The secret is that I had been practicing for about a year before hand?
How? Listening to great DJ sets on MP3 and tapping my foot.
Beatmatching is the mixture of the following: 20% developing your own style of manipulating the vinyl, %10 knowing what tune to pick to make beatmatching possible, and 70% listening.
I've found that you need to practice your ears, not your hands. As soon as you get frustrated trying to beatmatch.
Stop.. And just listen.. listen to your two records trainwreck and trainwreck .. close your eyes, and hear.. two songs at once.. tap your foot to one of them.. then tap your foot to the other one, then tap your foot to the other one.
Have a walkman handy, and listen to mixes everywhere you go.
Finally develop the one skill that will get you on your way to beatmatching. Listening to the tunes, and saying "they are not aligned" or.. "they are aligned"
once you can tell that you are going to get it very soon. Because then I recommend doing beatmatching in a reverse way. Instead of starting with two records that are totally not beatmatched and trying to beatmatch. Get two records with the exact same BPM (you have to have two with the same BPM if you have like 20 records). and put them on the decks with quartz lock.
Now.. get one going, slide the beat under the groove and push off (the VERY first skill you need to master). and get them going aligned.
Hear what it sounds like.. it will sound different than in your Tiesto mix, because your mixer, your headphones provide your ears with a very different experience.
What you are doing is training your ears to that experience.. Now take one record off quartz lock and move it a tiny bit off center. Keep in mind how much you move it off. Close your eyes and listen. Hear the beat slip out.. Hear what it sounds like. You know if it's too fast or too slow 'cause you changed the pitch. fix it by twisting the spindle or dragging your fingers on the platter or whatever.

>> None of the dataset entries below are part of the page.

(* Let $X$ be a CFG-space over a Boolean ring $B$ and $0\in X$. Then the pointed space $(X,0)$ possesses a base.
   Context: $B$ is a Boolean ring ($a\vee b=a+b+ab$, $a\le b\iff ab=a$, $\bar a=1+a$; $a_1\oplus\cdots\oplus a_n$ denotes a sum of pairwise disjoint elements). A Boolean metric space over $B$: set $X$ with $d:X\times X\to B$, $d(x,y)=0\iff x=y$, symmetric, $d(x,z)\le d(x,y)\vee d(y,z)$. For $x_1,\dots,x_n\in X$ and $a_1,\dots,a_n\in B$ with $a_1\oplus\cdots\oplus a_n=1$, $x$ is a convex combination of the $x_i$ with coefficients $a_i$ if $a_id(x,x_i)=0$ for all $i$. $X$ is convex if all such combinations exist; a CFG-space is a convex space in which every element is a convex combination of elements of some fixed finite subset. In a pointed space $(X,0)$ write $|x|=d(0,x)$. Two elements $x,y$ are orthogonal if $d(x,y)=|x|\vee|y|$. A finite set $R\subseteq X$ is orthogonal if $0\notin R$ and any two distinct elements of $R$ are orthogonal. A referential (reference system) of $(X,0)$ is an orthogonal set $R$ such that every element of $X$ is a convex combination of elements of $R\cup\{0\}$. A base of $(X,0)$ is a referential $\{x_1,\dots,x_n\}$ with $|x_1|\ge|x_2|\ge\cdots\ge|x_n|$. *)

From HB Require Import structures.
From mathcomp Require Import all_boot all_order all_algebra.
Set Implicit Arguments. Unset Strict Implicit. Unset Printing Implicit Defensive.
Import GRing.Theory.
Local Open Scope ring_scope.

Definition boolean_ring (B : comPzRingType) : Prop := forall a : B, a * a = a.

Definition bjoin {B : comPzRingType} (a b : B) : B := a + b + a * b.
Definition ble {B : comPzRingType} (a b : B) : Prop := a * b = a.

Definition disjoint_partition {B : comPzRingType} (n : nat) (a : 'I_n -> B) : Prop :=
  (forall i j : 'I_n, i != j -> a i * a j = 0) /\ \sum_(i < n) a i = 1.

Definition boolean_metric {B : comPzRingType} {X : Type} (d : X -> X -> B) : Prop :=
  (forall x y, d x y = 0 <-> x = y) /\
  (forall x y, d x y = d y x) /\
  (forall x y z, ble (d x z) (bjoin (d x y) (d y z))).

Definition convex_comb {B : comPzRingType} {X : Type} (d : X -> X -> B)
  (y : X) (n : nat) (x : 'I_n -> X) (a : 'I_n -> B) : Prop :=
  disjoint_partition a /\ forall i, a i * d y (x i) = 0.

Definition convex_space {B : comPzRingType} {X : Type} (d : X -> X -> B) : Prop :=
  forall (n : nat) (x : 'I_n -> X) (a : 'I_n -> B),
    disjoint_partition a -> exists y, convex_comb d y x a.

Definition convex_comb_of {B : comPzRingType} {X : Type} (d : X -> X -> B)
  (P : X -> Prop) (y : X) : Prop :=
  exists (n : nat) (x : 'I_n -> X) (a : 'I_n -> B),
    (forall i, P (x i)) /\ convex_comb d y x a.

Definition CFG_space {B : comPzRingType} {X : Type} (d : X -> X -> B) : Prop :=
  convex_space d /\
  exists (m : nat) (s : 'I_m -> X),
    forall y, convex_comb_of d (fun z => exists j, z = s j) y.

(* pointed space (X, o): |x| = d o x *)
Definition orthogonal {B : comPzRingType} {X : Type} (d : X -> X -> B) (o x y : X) : Prop :=
  d x y = bjoin (d o x) (d o y).

Definition orthogonal_set {B : comPzRingType} {X : Type} (d : X -> X -> B) (o : X)
  (n : nat) (r : 'I_n -> X) : Prop :=
  (forall i, r i <> o) /\ (forall i j, i != j -> orthogonal d o (r i) (r j)).

Definition referential {B : comPzRingType} {X : Type} (d : X -> X -> B) (o : X)
  (n : nat) (r : 'I_n -> X) : Prop :=
  injective r /\ orthogonal_set d o r /\
  forall y, convex_comb_of d (fun z => z = o \/ exists i, z = r i) y.

Definition is_base {B : comPzRingType} {X : Type} (d : X -> X -> B) (o : X)
  (n : nat) (r : 'I_n -> X) : Prop :=
  referential d o r /\
  forall i j : 'I_n, (i <= j)%N -> ble (d o (r j)) (d o (r i)).

Definition has_base {B : comPzRingType} {X : Type} (d : X -> X -> B) (o : X) : Prop :=
  exists (n : nat) (r : 'I_n -> X), is_base d o r.

From Pilot Require Import Defs.
From HB Require Import structures.
From mathcomp Require Import all_boot all_order all_algebra.
From Stdlib Require Import ClassicalEpsilon Classical.
Set Implicit Arguments. Unset Strict Implicit. Unset Printing Implicit Defensive.
Import GRing.Theory.
Local Open Scope ring_scope.

(* Let s_0, ..., s_(m-1) generate X convexly.  By induction on j we build a
   sequence r_0, r_1, ... which is pairwise orthogonal, has decreasing norms
   |r_k| = d o r_k, satisfies r_k = o for k >= j, and such that s_0, ...,
   s_(j-1) are convex combinations of o, r_0, ..., r_(m-1) ([insert_all]).
   The induction step ([insert_point]) inserts t = s_j: if [fresh] is the part
   of |t| on which t is far from every r_i, then on the piece
   [slot k] = fresh |r_(k-1)| (1 - |r_k|) of B the point t is glued in place
   of r_k.  The new sequence is still orthogonal and decreasing, and t as well
   as every old r_k is a combination of it together with o; combinations of
   combinations being combinations ([comb_trans]), after m steps every point
   is generated.  Dropping the trailing copies of o yields a base. *)

Lemma boolean_addxx (B : comPzRingType) (HB : boolean_ring B) (x : B) : x + x = 0.
Proof.
have h := HB (x + x).
rewrite mulrDl !mulrDr HB in h.
have : (x + x) + (x + x) = 0 + (x + x) by rewrite add0r -{3}h addrA.
by move/addIr.
Qed.

Lemma boolean_oppr (B : comPzRingType) (HB : boolean_ring B) (x : B) : - x = x.
Proof. by apply/esym/eqP; rewrite -addr_eq0 boolean_addxx. Qed.

Inductive bterm : Type :=
  | BVar (i : nat) | BZero | BOne
  | BAdd (x y : bterm) | BMul (x y : bterm) | BOpp (x : bterm).

Fixpoint eval_ring (B : comPzRingType) (e : nat -> B) (t : bterm) : B :=
  match t with
  | BVar i => e i | BZero => 0 | BOne => 1
  | BAdd x y => eval_ring e x + eval_ring e y
  | BMul x y => eval_ring e x * eval_ring e y
  | BOpp x => - eval_ring e x
  end.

Hear it drift off again. Notice how only a small change in the pitch leaves them relatively beatmatched. It sounds counter intuitive. But you will learn so much quicker when you are in control of what you hear, and you can train your ears. You can learn how much of a move in the pitch slider sends the track zipping past the other ones, you hear what it sounds like when they are together.
Then try pushing off these tracks with the pitch sliders close. And try to fix the cued deck as you hear it slip out. If you fix it by speeding up the disc, then pitch up, if you slowed down the disc and fix it slow down the pitch. You're beatmatching.
Now, if you don't have months of experience listening to two tracks at once, if they are lik 7 BPMs off from each other it will sound like chaos... And your best bet is to just hear that one is obviously faster than the other by listening to one then the other. Use that rule of thumb to get them ballpark near each other than use your technique to get the rest.
It will come. Just train your ears. It's 70% ear hand coordination and just plain out listening skill.